===== MATERIALS PROVIDED

(* Let $f:X\to Y$ be a local homeomorphism between metric spaces, where $X$ is complete and $Y$ is path-connected and locally $\mathcal R$-contractible. If there exists $\alpha>0$ such that $D_x^-f\ge\alpha$ for all $x\in X$, then $f$ is a covering projection.
   Context: A path $p:[0,1]\to Y$ is rectifiable if its length $\sup\sum_i d(p(t_i),p(t_{i+1}))$ (over partitions of $[0,1]$) is finite. $Y$ is locally $\mathcal R$-contractible if every $y_0\in Y$ has an open neighborhood $U$ with a continuous homotopy $H:U\times[0,1]\to U$ such that $H(y_0,t)=y_0$ for all $t$, $H(y,0)=y_0$, $H(y,1)=y$ for all $y\in U$, and each path $t\mapsto H(y,t)$ is rectifiable. For non-isolated $x\in X$, $D_x^-f=\liminf_{z\to x,\,z\neq x}\frac{d(f(z),f(x))}{d(z,x)}$; $X$ is assumed to have no isolated points. *)

From Stdlib Require Import Reals.
Open Scope R_scope.

Section MetricDefs.

Definition is_metric {X : Type} (d : X -> X -> R) : Prop :=
  (forall x y, 0 <= d x y) /\
  (forall x y, d x y = 0 <-> x = y) /\
  (forall x y, d x y = d y x) /\
  (forall x y z, d x z <= d x y + d y z).

Definition open_in {X : Type} (d : X -> X -> R) (U : X -> Prop) : Prop :=
  forall x, U x -> exists e, 0 < e /\ forall y, d x y < e -> U y.

Definition cont_within {X Y : Type} (dX : X -> X -> R) (dY : Y -> Y -> R)
  (A : X -> Prop) (f : X -> Y) (x : X) : Prop :=
  forall e, 0 < e -> exists del, 0 < del /\
    forall x', A x' -> dX x x' < del -> dY (f x) (f x') < e.

Definition continuous_map {X Y : Type} (dX : X -> X -> R) (dY : Y -> Y -> R)
  (f : X -> Y) : Prop :=
  forall x, cont_within dX dY (fun _ => True) f x.

Definition homeo_onto {X Y : Type} (dX : X -> X -> R) (dY : Y -> Y -> R)
  (f : X -> Y) (U : X -> Prop) (V : Y -> Prop) : Prop :=
  (forall x, U x -> cont_within dX dY U f x) /\
  (forall x, U x -> V (f x)) /\
  (forall x1 x2, U x1 -> U x2 -> f x1 = f x2 -> x1 = x2) /\
  exists g : Y -> X,
    (forall y, V y -> U (g y) /\ f (g y) = y) /\
    (forall y, V y -> cont_within dY dX V g y).

Definition local_homeomorphism {X Y : Type} (dX : X -> X -> R)
  (dY : Y -> Y -> R) (f : X -> Y) : Prop :=
  continuous_map dX dY f /\
  forall x, exists (U : X -> Prop) (V : Y -> Prop),
    open_in dX U /\ U x /\ open_in dY V /\ homeo_onto dX dY f U V.

Definition cauchy_seq {X : Type} (d : X -> X -> R) (u : nat -> X) : Prop :=
  forall e, 0 < e -> exists N, forall m n, (N <= m)%nat -> (N <= n)%nat ->
    d (u m) (u n) < e.

Definition converges_to {X : Type} (d : X -> X -> R) (u : nat -> X) (l : X)
  : Prop :=
  forall e, 0 < e -> exists N, forall n, (N <= n)%nat -> d (u n) l < e.

Definition complete_metric {X : Type} (d : X -> X -> R) : Prop :=
  forall u, cauchy_seq d u -> exists l, converges_to d u l.

Definition dR (s t : R) : R := Rabs (s - t).

Definition unit_interval (t : R) : Prop := 0 <= t <= 1.
(* Let $t\ge 3$ and let $L$ be an $\mathbb{F}_q$-linear set of pseudoregulus type of $\Lambda=PG(1,q^t)$. Then its transversal points are uniquely determined: if $L=L_{\rho,\tau}$ with respect to transversal points $P_1,P_2$ and also $L=L_{\rho',\tau'}$ with respect to transversal points $P_1',P_2'$, then $\{P_1',P_2'\}=\{P_1,P_2\}$.
   Context: Let $\Lambda=PG(V,\mathbb{F}_{q^t})=PG(1,q^t)$ with $V$ a 2-dimensional $\mathbb{F}_{q^t}$-space; $\langle\mathbf u\rangle_{q^t}$ denotes the point defined by $\mathbf u\neq\mathbf 0$. Definition: given two distinct points $P_1=\langle\mathbf w\rangle_{q^t}$, $P_2=\langle\mathbf v\rangle_{q^t}$ of $\Lambda$, an automorphism $\tau$ of $\mathbb{F}_{q^t}$ with $\mathrm{Fix}(\tau)=\mathbb{F}_q$, and $\rho\in\mathbb{F}_{q^t}^*$, the set $L_{\rho,\tau}=\{\langle\lambda\mathbf w+\rho\lambda^\tau\mathbf v\rangle_{q^t}:\lambda\in\mathbb{F}_{q^t}^*\}$ is called an $\mathbb{F}_q$-linear set of pseudoregulus type of $\Lambda$, with transversal points $P_1$ and $P_2$. *)

From HB Require Import structures.
From mathcomp Require Import all_boot all_order all_algebra all_field.
Set Implicit Arguments. Unset Strict Implicit. Unset Printing Implicit Defensive.
Import GRing.Theory.
Local Open Scope ring_scope.

(* The underlying 2-dimensional F_{q^t}-space V is 'rV[K]_2, with K the finite
   field F_{q^t}.  A point <u>_{q^t} of PG(1,q^t) is represented by a nonzero
   vector u; two nonzero vectors define the same point iff proportional. *)
Definition same_point (K : fieldType) (u u' : 'rV[K]_2) : Prop :=
  exists c : K, c != 0 /\ u' = c *: u.

Definition in_pseudoregulus (K : fieldType) (w v : 'rV[K]_2) (rho : K)
  (tau : K -> K) (u : 'rV[K]_2) : Prop :=
  exists lambda : K, lambda != 0 /\
    same_point (lambda *: w + (rho * tau lambda) *: v) u.

(* Fix(tau) = F_q : tau is a field automorphism whose fixed field has q
   elements (the unique subfield of order q of the finite field K). *)
Definition fix_is_Fq (K : finFieldType) (q : nat) (tau : {rmorphism K -> K}) : Prop :=
  bijective tau /\ #|[set x : K | tau x == x]| = q.

(* Data for L_{rho,tau} with transversal points <w>, <v>: w, v nonzero and
   defining distinct points; rho nonzero; tau as above. *)
Definition pseudoregulus_data (K : finFieldType) (q : nat) (w v : 'rV[K]_2)
  (rho : K) (tau : {rmorphism K -> K}) : Prop :=
  [/\ w != 0, v != 0, ~ same_point w v, rho != 0 & fix_is_Fq q tau].

From HB Require Import structures.
From mathcomp Require Import all_boot all_order all_algebra all_field.
From mathcomp Require Import fingroup pgroup abelian.
From mathcomp Require Import ring zify.
Import GRing.Theory.
Local Open Scope ring_scope.

(* Write N(tau) = { tau(l)/l : l <> 0 }.  It is a subgroup of K^* of order
   n = (q^t - 1)/(q - 1) = 1 + q m, where q = #|Fix tau| is a power of the
   characteristic, m = 1 + q + ... + q^(t-2) >= 2 (as t >= 3) and m = 1 in K.
   Every point <u> of L_{rho,tau} satisfies det(w,u)^n = (rho det(u,v))^n.
   Applied to the points <w' + rho' z v'>, z in N(tau'), of L_{rho',tau'},
   this gives (a + b z)^n = (c + d z)^n for the n roots of unity z in N(tau'),
   where ad - bc = -rho rho' det(w,v) det(w',v') <> 0.  A polynomial argument
   (vanishing at n + 1 points, differentiation, and the descent y = x^q along
   the Frobenius map) turns this into two monomial equations in a, b, c, d,
   forcing b = c = 0 or a = d = 0, which says {<w'>, <v'>} = {<w>, <v>}. *)

Set Implicit Arguments. Unset Strict Implicit.

(* The order of the fixed field of a ring endomorphism of a finite field is a
   power of the characteristic: it is an additive subgroup of K, and the
   additive group of K is an elementary abelian p-group. *)
Lemma fixed_card_pchar_nat (K : finFieldType) (tau : {rmorphism K -> K}) :
  [pchar K].-nat #|[set x : K | tau x == x]|.
Proof.
have [p p_pr pK] := finPcharP K.
have fix_group : group_set [set x : K | tau x == x].
  apply/group_setP; split; first by rewrite inE FinRing.zmod1gE rmorph0.
  move=> x y; rewrite !inE !FinRing.zmodMgE => /eqP tx /eqP ty.
  by rewrite rmorphD tx ty.
have := pgroupS (subsetT (Group fix_group)) (abelem_pgroup (fin_ring_pchar_abelem pK)).
by rewrite /pgroup /= (eq_pnat _ (pcharf_eq pK)).
Qed.

Definition quot_set (K : finFieldType) (tau : K -> K) : {set K} :=
  [set x | [exists l, (l != 0) && (x == tau l / l)]].

Section QuotientSet.
Variables (K : finFieldType) (tau : {rmorphism K -> K}).
Local Notation N := (quot_set tau).

Lemma quot_setP x : reflect (exists2 l, l != 0 & x = tau l / l) (x \in N).
Proof.
rewrite inE; apply: (iffP existsP) => [[l /andP[l0 /eqP ->]]|[l l0 ->]].
  by exists l.
by exists l; rewrite l0 eqxx.
Qed.

Lemma quot_set_neq0 x : x \in N -> x != 0.
Proof. by case/quot_setP=> l l0 ->; rewrite mulf_neq0 ?invr_eq0 ?fmorph_eq0. Qed.

Lemma quot_setM x y : x \in N -> y \in N -> x * y \in N.
Proof.
case/quot_setP=> l l0 ->; case/quot_setP=> m m0 ->; apply/quot_setP.
by exists (l * m); rewrite ?mulf_neq0 // rmorphM invfM mulrACA.
Qed.

(* N is a finite multiplicative group, so its elements are #|N|-th roots of
   unity: multiplication by x permutes N, compare the products. *)
Lemma quot_set_root x : x \in N -> x ^+ #|N| = 1.
Proof.
move=> xN.
have mulx_inj : {in N &, injective ( *%R x)}.
  by move=> y z _ _; apply/mulfI/quot_set_neq0.
have mulxN : ( *%R x) @: N = N.
  apply/eqP; rewrite eqEcard card_in_imset // leqnn andbT.
  by apply/subsetP=> _ /imsetP[y yN ->]; apply: quot_setM.
have prodN0 : \prod_(y in N) y != 0 by apply/prodf_neq0 => y /quot_set_neq0.
have : \prod_(y in ( *%R x) @: N) y = \prod_(y in N) (x * y).
  exact: big_imset.
rewrite mulxN big_split /= prodr_const => /eqP.
by rewrite -{1}[\prod_(y in N) y]mul1r (inj_eq (mulIf prodN0)) eq_sym => /eqP.
Qed.
(* $$\max_{U_1,U_2\in\mathcal R}P(U_1,U_2)=\frac{3}{50}\left(9+\sqrt6\right)=0.004\left(\sqrt{393-48\sqrt6}+138+7\sqrt6\right)\approx 0.687.$$
   Context: Basis of $\mathbb C^3$: $|1\rangle,|2\rangle,|3\rangle$ (standard basis). Spin-1 matrices in this basis: $J_y=\frac{1}{\sqrt2}\begin{pmatrix}0&-i&0\\ i&0&-i\\ 0&i&0\end{pmatrix}$, $J_z=\mathrm{diag}(1,0,-1)$. Define $Z(\alpha,\beta,\gamma)=e^{-i\alpha J_z}e^{-i\beta J_y}e^{-i\gamma J_z}$. Let $\mathcal R=\{Z(\alpha,\beta,\gamma):\alpha,\beta,\gamma\in\mathbb R\}\subset U(3)$. For $j\in\{1,2\}$ let $P_j=|j\rangle\langle j|$ and $\mathcal M_j(\rho)=P_j\rho P_j+(\mathbb I-P_j)\rho(\mathbb I-P_j)$. Define $P(U_1,U_2)=\langle 2|U_2\,\mathcal M_1(U_1|1\rangle\langle 1|U_1^\dagger)\,U_2^\dagger|2\rangle$ for $U_1,U_2\in\mathcal R$. *)

From HB Require Import structures.
From mathcomp Require Import all_boot all_order all_algebra.
From mathcomp Require Import reals topology normedtype sequences Rstruct Rstruct_topology.
From mathcomp Require Import complex.

Set Implicit Arguments.
Unset Strict Implicit.
Unset Printing Implicit Defensive.

Import Order.TTheory GRing.Theory Num.Theory.
Local Open Scope ring_scope.
Local Open Scope complex_scope.

Notation RR := Rdefinitions.R.
Notation CC := (complex RR).

(* Matrix exponential, defined by its power series
   exp M = sum_k M^k / k!, the limit being taken entrywise and
   (as for any limit in C = R^2) on real and imaginary parts. *)
Definition expm_psum (M : 'M[CC]_3) (N : nat) : 'M[CC]_3 :=
  \sum_(k < N) ((k`!)%:R)^-1 *: (M ^+ k).

Definition expm (M : 'M[CC]_3) : 'M[CC]_3 :=
  \matrix_(i, j)
    ((limn (fun N => @complex.Re RR (expm_psum M N i j)))
       +i* (limn (fun N => @complex.Im RR (expm_psum M N i j)))).

(* Standard basis |1>,|2>,|3>  ~  indices 0,1,2 of 'I_3. *)
Definition e1 : 'I_3 := @Ordinal 3 0 erefl.
Definition e2 : 'I_3 := @Ordinal 3 1 erefl.
Definition e3 : 'I_3 := @Ordinal 3 2 erefl.

Definition inv_sqrt2 : CC := ((Num.sqrt (2 : RR))^-1)%:C.

Definition Jy : 'M[CC]_3 :=
  inv_sqrt2 *: \matrix_(i < 3, j < 3)
    (if (val i == 0%N) && (val j == 1%N) then - 'i
     else if (val i == 1%N) && (val j == 0%N) then 'i
     else if (val i == 1%N) && (val j == 2%N) then - 'i
     else if (val i == 2%N) && (val j == 1%N) then 'i
     else 0).
(* Let $A$ be a real $2\times 2$ matrix and $B$ a real $1\times 2$ matrix, and let $\mathrm{NT}=\{\vec{x}\in\mathbb{R}^2 : BA^k\vec{x}>0 \text{ for all } k\in\mathbb{N}\}$. Then $\mathrm{NT}$ is one of the following: (1) the empty set; (2) a ray from the origin, i.e. a set $\{k\vec{v}: k>0\}$ for some nonzero $\vec{v}\in\mathbb{R}^2$; (3) a sector between two rays starting from the origin, i.e. a convex set with nonempty interior satisfying $k\,\mathrm{NT}\subseteq \mathrm{NT}$ for all $k>0$.
   Context: We consider the homogeneous simple linear loop ''while $(B\vec{x}>0)$ $\{\vec{x}:=A\vec{x}\}$'' with program variables $\vec{x}\in\mathbb{R}^2$. Its non-termination set $\mathrm{NT}$ is the set of inputs on which the loop never terminates, namely $\mathrm{NT}=\{\vec{x}\in\mathbb{R}^2 : BA^k\vec{x}>0 \text{ for all integers } k\ge 0\}$. It is known (and may be used) that $\mathrm{NT}$ is convex. *)

From Stdlib Require Import Reals.
Open Scope R_scope.

(* Vectors in R^2 as pairs; a 2x2 matrix as its four entries
   A = [[a11 a12];[a21 a22]]; a 1x2 matrix B = [b1 b2]. *)
Definition vec2 := (R * R)%type.

Record mat22 := Mat22 { a11 : R; a12 : R; a21 : R; a22 : R }.
Record mat12 := Mat12 { b1 : R; b2 : R }.

Definition mulv (A : mat22) (x : vec2) : vec2 :=
  (a11 A * fst x + a12 A * snd x, a21 A * fst x + a22 A * snd x).

Definition mulB (B : mat12) (x : vec2) : R := b1 B * fst x + b2 B * snd x.

Definition powv (A : mat22) (k : nat) (x : vec2) : vec2 := Nat.iter k (mulv A) x.

Definition vscale (c : R) (x : vec2) : vec2 := (c * fst x, c * snd x).
Definition vadd (x y : vec2) : vec2 := (fst x + fst y, snd x + snd y).
Definition vdist (x y : vec2) : R :=
  sqrt ((fst x - fst y) ^ 2 + (snd x - snd y) ^ 2).

Definition NT (A : mat22) (B : mat12) (x : vec2) : Prop :=
  forall k : nat, 0 < mulB B (powv A k x).

Definition is_convex (S : vec2 -> Prop) : Prop :=
  forall x y t, 0 <= t <= 1 -> S x -> S y -> S (vadd (vscale t x) (vscale (1 - t) y)).

Definition has_nonempty_interior (S : vec2 -> Prop) : Prop :=
  exists x eps, 0 < eps /\ forall y, vdist y x < eps -> S y.

Definition is_ray (S : vec2 -> Prop) : Prop :=
  exists v : vec2, v <> (0, 0) /\ forall x, S x <-> exists k, 0 < k /\ x = vscale k v.

From Stdlib Require Import Reals Lra Classical.
Open Scope R_scope.

(* Since x |-> B A^k x is linear for every k, the set NT is
   closed under nonnegative combinations with a nonzero coefficient: it is a
   convex cone not containing the origin.  Assuming NT is nonempty, there are
   two cases, according to the determinant det2 of pairs of its points.
   - If two points x, y of NT have det2 x y > 0, they span R^2, and every w
     near x + y has positive coordinates in the basis (x, y) (Cramer's rule
     plus a perturbation bound on det2), so NT has nonempty interior.
   - Otherwise all points of NT are collinear with a fixed point x0 <> 0 of
     NT; writing y = c x0 and evaluating B at k = 0 gives c > 0, so NT is the
     open ray spanned by x0. *)

Lemma powv_lin A k s t x y :
  powv A k (vadd (vscale s x) (vscale t y)) =
  vadd (vscale s (powv A k x)) (vscale t (powv A k y)).
Proof.
  induction k as [|k IH]; [reflexivity|].
  unfold powv in *; simpl; rewrite IH.
  destruct (Nat.iter k (mulv A) x) as [p q], (Nat.iter k (mulv A) y) as [u w].
  unfold mulv, vadd, vscale; simpl; f_equal; ring.
Qed.

Lemma mulB_lin B s t x y :
  mulB B (vadd (vscale s x) (vscale t y)) = s * mulB B x + t * mulB B y.
Proof. unfold mulB, vadd, vscale; simpl; ring. Qed.

Lemma NT_comb A B s t x y : 0 <= s -> 0 <= t -> 0 < s + t ->
  NT A B x -> NT A B y -> NT A B (vadd (vscale s x) (vscale t y)).
Proof.
  intros Hs Ht Hst Hx Hy k; rewrite powv_lin, mulB_lin.
  specialize (Hx k); specialize (Hy k).
  pose proof (Rmult_le_pos _ _ Hs (Rlt_le _ _ Hx)).
  pose proof (Rmult_le_pos _ _ Ht (Rlt_le _ _ Hy)).
  destruct (Rlt_or_le 0 s) as [Hs'|Hs']; [pose proof (Rmult_lt_0_compat _ _ Hs' Hx)
                                         | pose proof (Rmult_lt_0_compat t _ ltac:(lra) Hy)];
  lra.
Qed.

Lemma NT_scale A B k x : 0 < k -> NT A B x -> NT A B (vscale k x).
Proof.
  intros Hk Hx.
  replace (vscale k x) with (vadd (vscale k x) (vscale 0 x))
    by (destruct x; unfold vadd, vscale; simpl; f_equal; ring).
  apply NT_comb; auto; lra.
Qed.

Lemma NT_not0 A B : ~ NT A B (0, 0).
Proof. intro H; specialize (H O); unfold mulB, powv in H; simpl in H; lra. Qed.

Definition det2 (x y : vec2) : R := fst x * snd y - snd x * fst y.

Lemma det2_swap x y : det2 y x = - det2 x y.
Proof. unfold det2; ring. Qed.

Lemma cramer x y w : det2 x y <> 0 ->
  w = vadd (vscale (det2 w y / det2 x y) x) (vscale (det2 x w / det2 x y) y).
Proof.
  destruct x as [x1 x2], y as [y1 y2], w as [w1 w2]; unfold det2, vadd, vscale;
    simpl; intro Hd; f_equal; field; exact Hd.
Qed.

Lemma abs_le_norm a b : Rabs a <= sqrt (a ^ 2 + b ^ 2).
Proof. rewrite <- sqrt_Rsqr_abs; apply sqrt_le_1_alt; unfold Rsqr; nra. Qed.

Lemma Rabs_le_between a b : Rabs a <= b -> - b <= a <= b.
Proof. unfold Rabs; destruct (Rcase_abs a); lra. Qed.

Lemma det2_perturb w z y r : vdist w z < r ->
  Rabs (det2 w y - det2 z y) <= r * (Rabs (fst y) + Rabs (snd y)).
Proof.
  destruct w as [w1 w2], z as [z1 z2], y as [y1 y2]; unfold vdist, det2; simpl.
  intro Hw.
  pose proof (abs_le_norm (w1 - z1) (w2 - z2)) as H1.
  pose proof (abs_le_norm (w2 - z2) (w1 - z1)) as H2.
  rewrite Rplus_comm in H2.
  replace (w1 * y2 - w2 * y1 - (z1 * y2 - z2 * y1))
    with ((w1 - z1) * y2 + - ((w2 - z2) * y1)) by ring.
  eapply Rle_trans; [apply Rabs_triang|].
  rewrite Rabs_Ropp, !Rabs_mult.
  pose proof (Rmult_le_compat_r _ _ _ (Rabs_pos y2) (Rlt_le _ _ (Rle_lt_trans _ _ _ H1 Hw))).
  pose proof (Rmult_le_compat_r _ _ _ (Rabs_pos y1) (Rlt_le _ _ (Rle_lt_trans _ _ _ H2 Hw))).
  lra.
Qed.

(* A cone in the plane containing two independent vectors x, y has nonempty
   interior: a ball around x + y lies in the open cone they span. *)
Lemma cone_interior (S : vec2 -> Prop) x y :
  (forall s t u v, 0 < s -> 0 < t -> S u -> S v ->
     S (vadd (vscale s u) (vscale t v))) ->
  S x -> S y -> 0 < det2 x y -> has_nonempty_interior S.
Proof.
  intros Hcomb Hx Hy Hd.
  set (d := det2 x y) in *.
  set (Nx := Rabs (fst x) + Rabs (snd x)); set (Ny := Rabs (fst y) + Rabs (snd y)).
  assert (HNx : 0 <= Nx) by (unfold Nx; pose proof (Rabs_pos (fst x));
                              pose proof (Rabs_pos (snd x)); lra).
  assert (HNy : 0 <= Ny) by (unfold Ny; pose proof (Rabs_pos (fst y));
                              pose proof (Rabs_pos (snd y)); lra).
  set (eps := d / (1 + Nx + Ny)).
  assert (Heps : eps * (1 + Nx + Ny) = d) by (unfold eps; field; lra).
  assert (Heps_pos : 0 < eps) by (unfold eps; apply Rdiv_lt_0_compat; lra).
  exists (vadd x y), eps; split; [exact Heps_pos|].
  intros w Hw.
  assert (Hzy : det2 (vadd x y) y = d)
    by (unfold d, det2, vadd; simpl; ring).
  assert (Hzx : det2 (vadd x y) x = - d)
    by (unfold d, det2, vadd; simpl; ring).
  pose proof (det2_perturb w (vadd x y) y eps Hw) as Py.
  pose proof (det2_perturb w (vadd x y) x eps Hw) as Px.
  fold Nx Ny in Px, Py; rewrite Hzy in Py; rewrite Hzx in Px.
  apply Rabs_le_between in Px; apply Rabs_le_between in Py.
  pose proof (Rmult_le_pos _ _ (Rlt_le _ _ Heps_pos) HNx).
  pose proof (Rmult_le_pos _ _ (Rlt_le _ _ Heps_pos) HNy).
  rewrite (cramer x y w (Rgt_not_eq _ _ Hd)); fold d.
  rewrite (det2_swap x w) in Px.
  apply Hcomb; auto; apply Rdiv_lt_0_compat; lra.
Qed.

Lemma collinear_multiple x y : x <> (0, 0) -> det2 x y = 0 ->
  exists c, y = vscale c x.
Proof.
  destruct x as [x1 x2], y as [y1 y2]; unfold det2, vscale; simpl; intros Hx Hd.
  destruct (Req_dec x1 0) as [H1|H1].
  - assert (H2 : x2 <> 0) by (intro; subst; apply Hx; reflexivity).
    exists (y2 / x2); f_equal; [|field; exact H2].
    subst x1; apply (Rmult_eq_reg_l x2); [field_simplify; lra | exact H2].
  - exists (y1 / x1); f_equal; [field; exact H1|].
    apply (Rmult_eq_reg_l x1); [field_simplify; lra | exact H1].
Qed.

Lemma NT_ray A B x0 : NT A B x0 ->
  (forall y, NT A B y -> det2 x0 y = 0) -> is_ray (NT A B).
Proof.
  intros Hx0 Hcol.
  assert (Hnz : x0 <> (0, 0)) by (intro E; subst; exact (NT_not0 A B Hx0)).
  exists x0; split; [exact Hnz|]; intro y; split.
  - intro Hy; destruct (collinear_multiple x0 y Hnz (Hcol y Hy)) as [c ->].
    exists c; split; [|reflexivity].
    pose proof (Hx0 O) as P0; pose proof (Hy O) as P1.
    replace (mulB B (powv A 0 (vscale c x0))) with (c * mulB B (powv A 0 x0)) in P1
      by (unfold mulB, vscale; simpl; ring).
    nra.
  - intros [k [Hk ->]]; exact (NT_scale A B k x0 Hk Hx0).
Qed.

Theorem proposition2 (A : mat22) (B : mat12) :
  (forall x, ~ NT A B x)
  \/ is_ray (NT A B)
  \/ (is_convex (NT A B) /\ has_nonempty_interior (NT A B)
      /\ forall k x, 0 < k -> NT A B x -> NT A B (vscale k x)).
Proof.
  destruct (classic (exists x, NT A B x)) as [[x0 Hx0]|Hempty].
  2: { left; intros x Hx; apply Hempty; eauto. }
  right.
  destruct (classic (exists x y, NT A B x /\ NT A B y /\ det2 x y <> 0))
    as [[x [y [Hx [Hy Hd]]]]|Hcol].
  - right; split; [|split].
    + intros u v t Ht Hu Hv; apply NT_comb; auto; lra.
    + assert (Hcomb : forall s t u v, 0 < s -> 0 < t -> NT A B u -> NT A B v ->
                 NT A B (vadd (vscale s u) (vscale t v)))
        by (intros; apply NT_comb; auto; lra).
      destruct (Rlt_or_le 0 (det2 x y)) as [Hpos|Hneg].
      * exact (cone_interior _ x y Hcomb Hx Hy Hpos).
      * apply (cone_interior _ y x Hcomb Hy Hx); rewrite det2_swap; lra.
    + intros k u; apply NT_scale.
  - left; apply (NT_ray A B x0 Hx0).
    intros y Hy; apply NNPP; intro Hd; apply Hcol; eauto.
Qed.
Theorem mainTheorem8 (T : finType) (e : rel T) (c : nat) (v : T) :
  symmetric e -> irreflexive e ->
  5 <= c ->
  (odd (deg e v) || [exists w, e v w && (deg e w <= 2)]) ->
  let Y := v |: (Nd e 1 v :|: Nd e 2 v) in
  ~ has_odd_coloring e c ->
  has_semi_odd_coloring e c Y ->
  2 * deg e v >= 2 * nd e 1 v + nd e 2 v + ne e v + c.
Proof.
move=> sym_e irr_e c_gt4 v_low Y no_odd [f f_semi_odd].
rewrite leqNgt; apply/negP => few_colors.
pose F := f @: high_nbs e v :|: killer_color e f v @: hard_nbs e v
          :|: [set f (other_nb e v u) | u in Nd e 2 v].
have F_small : #|F| < c.
  move: (leq_imset_card f (high_nbs e v)).
  move: (leq_imset_card (killer_color e f v) (hard_nbs e v)).
  move: (leq_imset_card (fun u => f (other_nb e v u)) (Nd e 2 v)) few_colors.
  by rewrite !cardsU (deg_split_low_high sym_e) card_high_nbs /nd; lia.
have [a] := exists_notin_card_lt F_small.
rewrite !inE !negb_or => /andP [/andP [a_high a_hard] a_other].
have partial_a := partial_odd_coloring_recolor_center sym_e irr_e v_low f_semi_odd
  a_high a_hard a_other.
by apply/no_odd/(odd_coloring_of_partial sym_e irr_e c_gt4 _ partial_a) => s; rewrite inE.
Qed.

==========

* WHAT IS BEING ASKED
Restate word for word the lines of the data above, starting at the line containing "- right; split; [|split]." and ending at the line containing "rewrite det2_swap; lra.", both included, and nothing more.

* PROBLEM SOLUTION
  - right; split; [|split].
    + intros u v t Ht Hu Hv; apply NT_comb; auto; lra.
    + assert (Hcomb : forall s t u v, 0 < s -> 0 < t -> NT A B u -> NT A B v ->
                 NT A B (vadd (vscale s u) (vscale t v)))
        by (intros; apply NT_comb; auto; lra).
      destruct (Rlt_or_le 0 (det2 x y)) as [Hpos|Hneg].
      * exact (cone_interior _ x y Hcomb Hx Hy Hpos).
      * apply (cone_interior _ y x Hcomb Hy Hx); rewrite det2_swap; lra.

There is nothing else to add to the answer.